> [DIRECTIONS]: Under this line are the records; write out word for word the part that begins at the line containing "by apply: sumr_le_card => i; have := p_ge0;" and ends at the line containing "have [lt_n|le_n] := ltnP n (d + d).", and no more.

• • • • • • •

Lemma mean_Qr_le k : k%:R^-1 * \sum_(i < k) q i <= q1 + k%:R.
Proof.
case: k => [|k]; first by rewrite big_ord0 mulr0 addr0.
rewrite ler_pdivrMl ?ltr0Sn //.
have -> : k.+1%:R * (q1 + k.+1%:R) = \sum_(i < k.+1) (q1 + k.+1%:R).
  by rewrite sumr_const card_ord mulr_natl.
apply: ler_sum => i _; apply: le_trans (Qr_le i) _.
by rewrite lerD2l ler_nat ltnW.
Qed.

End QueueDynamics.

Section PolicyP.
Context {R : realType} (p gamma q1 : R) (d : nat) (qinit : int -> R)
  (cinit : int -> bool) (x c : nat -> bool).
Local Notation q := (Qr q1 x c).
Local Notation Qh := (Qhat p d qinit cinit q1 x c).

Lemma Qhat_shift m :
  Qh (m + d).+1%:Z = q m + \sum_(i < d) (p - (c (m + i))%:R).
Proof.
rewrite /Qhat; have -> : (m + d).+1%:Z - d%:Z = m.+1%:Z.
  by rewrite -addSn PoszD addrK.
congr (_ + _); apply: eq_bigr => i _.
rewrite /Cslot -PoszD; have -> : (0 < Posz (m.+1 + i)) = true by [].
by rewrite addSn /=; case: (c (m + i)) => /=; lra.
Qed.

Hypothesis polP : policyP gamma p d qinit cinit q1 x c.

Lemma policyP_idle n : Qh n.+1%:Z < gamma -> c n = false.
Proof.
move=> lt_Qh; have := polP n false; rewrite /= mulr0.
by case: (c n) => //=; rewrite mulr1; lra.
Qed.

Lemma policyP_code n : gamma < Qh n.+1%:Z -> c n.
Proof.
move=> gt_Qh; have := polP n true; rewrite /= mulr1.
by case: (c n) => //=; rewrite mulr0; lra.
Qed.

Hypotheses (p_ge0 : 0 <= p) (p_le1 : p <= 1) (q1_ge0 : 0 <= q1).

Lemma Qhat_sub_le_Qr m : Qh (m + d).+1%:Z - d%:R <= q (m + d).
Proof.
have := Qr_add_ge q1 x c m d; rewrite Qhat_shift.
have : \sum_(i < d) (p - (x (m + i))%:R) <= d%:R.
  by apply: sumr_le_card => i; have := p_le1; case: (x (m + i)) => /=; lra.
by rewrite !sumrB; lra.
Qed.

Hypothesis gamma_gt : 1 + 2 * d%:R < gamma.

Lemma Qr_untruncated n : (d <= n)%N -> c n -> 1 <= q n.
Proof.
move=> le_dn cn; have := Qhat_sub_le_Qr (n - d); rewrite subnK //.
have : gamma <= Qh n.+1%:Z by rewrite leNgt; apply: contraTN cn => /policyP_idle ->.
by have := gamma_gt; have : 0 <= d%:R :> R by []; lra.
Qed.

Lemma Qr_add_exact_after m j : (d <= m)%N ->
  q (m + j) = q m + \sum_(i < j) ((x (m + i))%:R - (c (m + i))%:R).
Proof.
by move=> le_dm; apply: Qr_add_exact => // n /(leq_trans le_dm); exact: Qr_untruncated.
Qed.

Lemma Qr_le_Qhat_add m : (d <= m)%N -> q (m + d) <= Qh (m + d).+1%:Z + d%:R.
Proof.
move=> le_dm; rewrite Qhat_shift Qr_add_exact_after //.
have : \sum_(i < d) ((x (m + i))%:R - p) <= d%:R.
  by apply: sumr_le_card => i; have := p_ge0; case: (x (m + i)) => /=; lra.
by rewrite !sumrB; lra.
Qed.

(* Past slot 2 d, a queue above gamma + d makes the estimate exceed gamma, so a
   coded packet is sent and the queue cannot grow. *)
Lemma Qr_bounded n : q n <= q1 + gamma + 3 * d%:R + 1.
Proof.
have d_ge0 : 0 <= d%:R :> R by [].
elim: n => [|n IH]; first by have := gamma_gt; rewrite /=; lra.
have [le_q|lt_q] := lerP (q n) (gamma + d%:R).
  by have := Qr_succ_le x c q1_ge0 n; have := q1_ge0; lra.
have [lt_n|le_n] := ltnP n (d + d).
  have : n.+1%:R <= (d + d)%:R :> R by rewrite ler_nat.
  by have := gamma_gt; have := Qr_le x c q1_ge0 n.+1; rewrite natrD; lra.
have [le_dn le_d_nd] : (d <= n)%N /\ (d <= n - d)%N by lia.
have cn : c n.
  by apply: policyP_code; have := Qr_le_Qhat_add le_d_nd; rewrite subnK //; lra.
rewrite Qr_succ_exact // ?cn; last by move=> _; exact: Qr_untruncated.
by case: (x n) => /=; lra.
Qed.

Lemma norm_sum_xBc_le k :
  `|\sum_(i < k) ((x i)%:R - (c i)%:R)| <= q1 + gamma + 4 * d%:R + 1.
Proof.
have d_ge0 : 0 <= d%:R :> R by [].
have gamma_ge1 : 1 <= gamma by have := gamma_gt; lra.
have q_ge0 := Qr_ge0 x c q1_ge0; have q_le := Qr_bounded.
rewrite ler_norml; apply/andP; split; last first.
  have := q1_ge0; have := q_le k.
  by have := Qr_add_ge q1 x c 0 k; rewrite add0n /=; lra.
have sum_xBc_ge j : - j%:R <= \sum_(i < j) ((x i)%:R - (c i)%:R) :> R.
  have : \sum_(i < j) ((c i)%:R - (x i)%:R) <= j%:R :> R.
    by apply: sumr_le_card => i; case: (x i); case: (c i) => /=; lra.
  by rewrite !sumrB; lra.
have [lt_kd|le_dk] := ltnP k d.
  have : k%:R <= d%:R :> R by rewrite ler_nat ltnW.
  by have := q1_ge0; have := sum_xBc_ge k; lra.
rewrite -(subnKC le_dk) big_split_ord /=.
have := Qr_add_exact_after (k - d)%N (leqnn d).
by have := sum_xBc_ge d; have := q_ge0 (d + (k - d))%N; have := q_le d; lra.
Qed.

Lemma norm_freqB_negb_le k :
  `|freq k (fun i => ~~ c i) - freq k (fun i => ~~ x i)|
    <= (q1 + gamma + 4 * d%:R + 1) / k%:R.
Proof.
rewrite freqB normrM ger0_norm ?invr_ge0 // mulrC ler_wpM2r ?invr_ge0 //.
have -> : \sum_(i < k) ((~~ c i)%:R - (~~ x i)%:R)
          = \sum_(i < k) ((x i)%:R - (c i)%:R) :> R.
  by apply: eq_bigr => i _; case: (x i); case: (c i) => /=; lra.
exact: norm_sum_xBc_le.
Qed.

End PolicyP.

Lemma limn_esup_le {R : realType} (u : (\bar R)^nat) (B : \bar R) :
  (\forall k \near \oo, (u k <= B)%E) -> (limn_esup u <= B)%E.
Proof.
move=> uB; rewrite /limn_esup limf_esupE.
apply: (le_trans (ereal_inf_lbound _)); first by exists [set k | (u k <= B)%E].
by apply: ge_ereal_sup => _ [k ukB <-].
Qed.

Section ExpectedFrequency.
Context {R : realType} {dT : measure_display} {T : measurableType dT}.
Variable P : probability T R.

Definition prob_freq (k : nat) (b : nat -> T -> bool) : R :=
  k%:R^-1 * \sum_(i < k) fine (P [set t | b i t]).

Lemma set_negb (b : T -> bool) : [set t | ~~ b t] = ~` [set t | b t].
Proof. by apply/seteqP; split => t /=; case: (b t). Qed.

• • • • • • •

> [SOLVED EXERCISE]:
  by apply: sumr_le_card => i; have := p_ge0; case: (x (m + i)) => /=; lra.
by rewrite !sumrB; lra.
Qed.

(* Past slot 2 d, a queue above gamma + d makes the estimate exceed gamma, so a
   coded packet is sent and the queue cannot grow. *)
Lemma Qr_bounded n : q n <= q1 + gamma + 3 * d%:R + 1.
Proof.
have d_ge0 : 0 <= d%:R :> R by [].
elim: n => [|n IH]; first by have := gamma_gt; rewrite /=; lra.
have [le_q|lt_q] := lerP (q n) (gamma + d%:R).
  by have := Qr_succ_le x c q1_ge0 n; have := q1_ge0; lra.
have [lt_n|le_n] := ltnP n (d + d).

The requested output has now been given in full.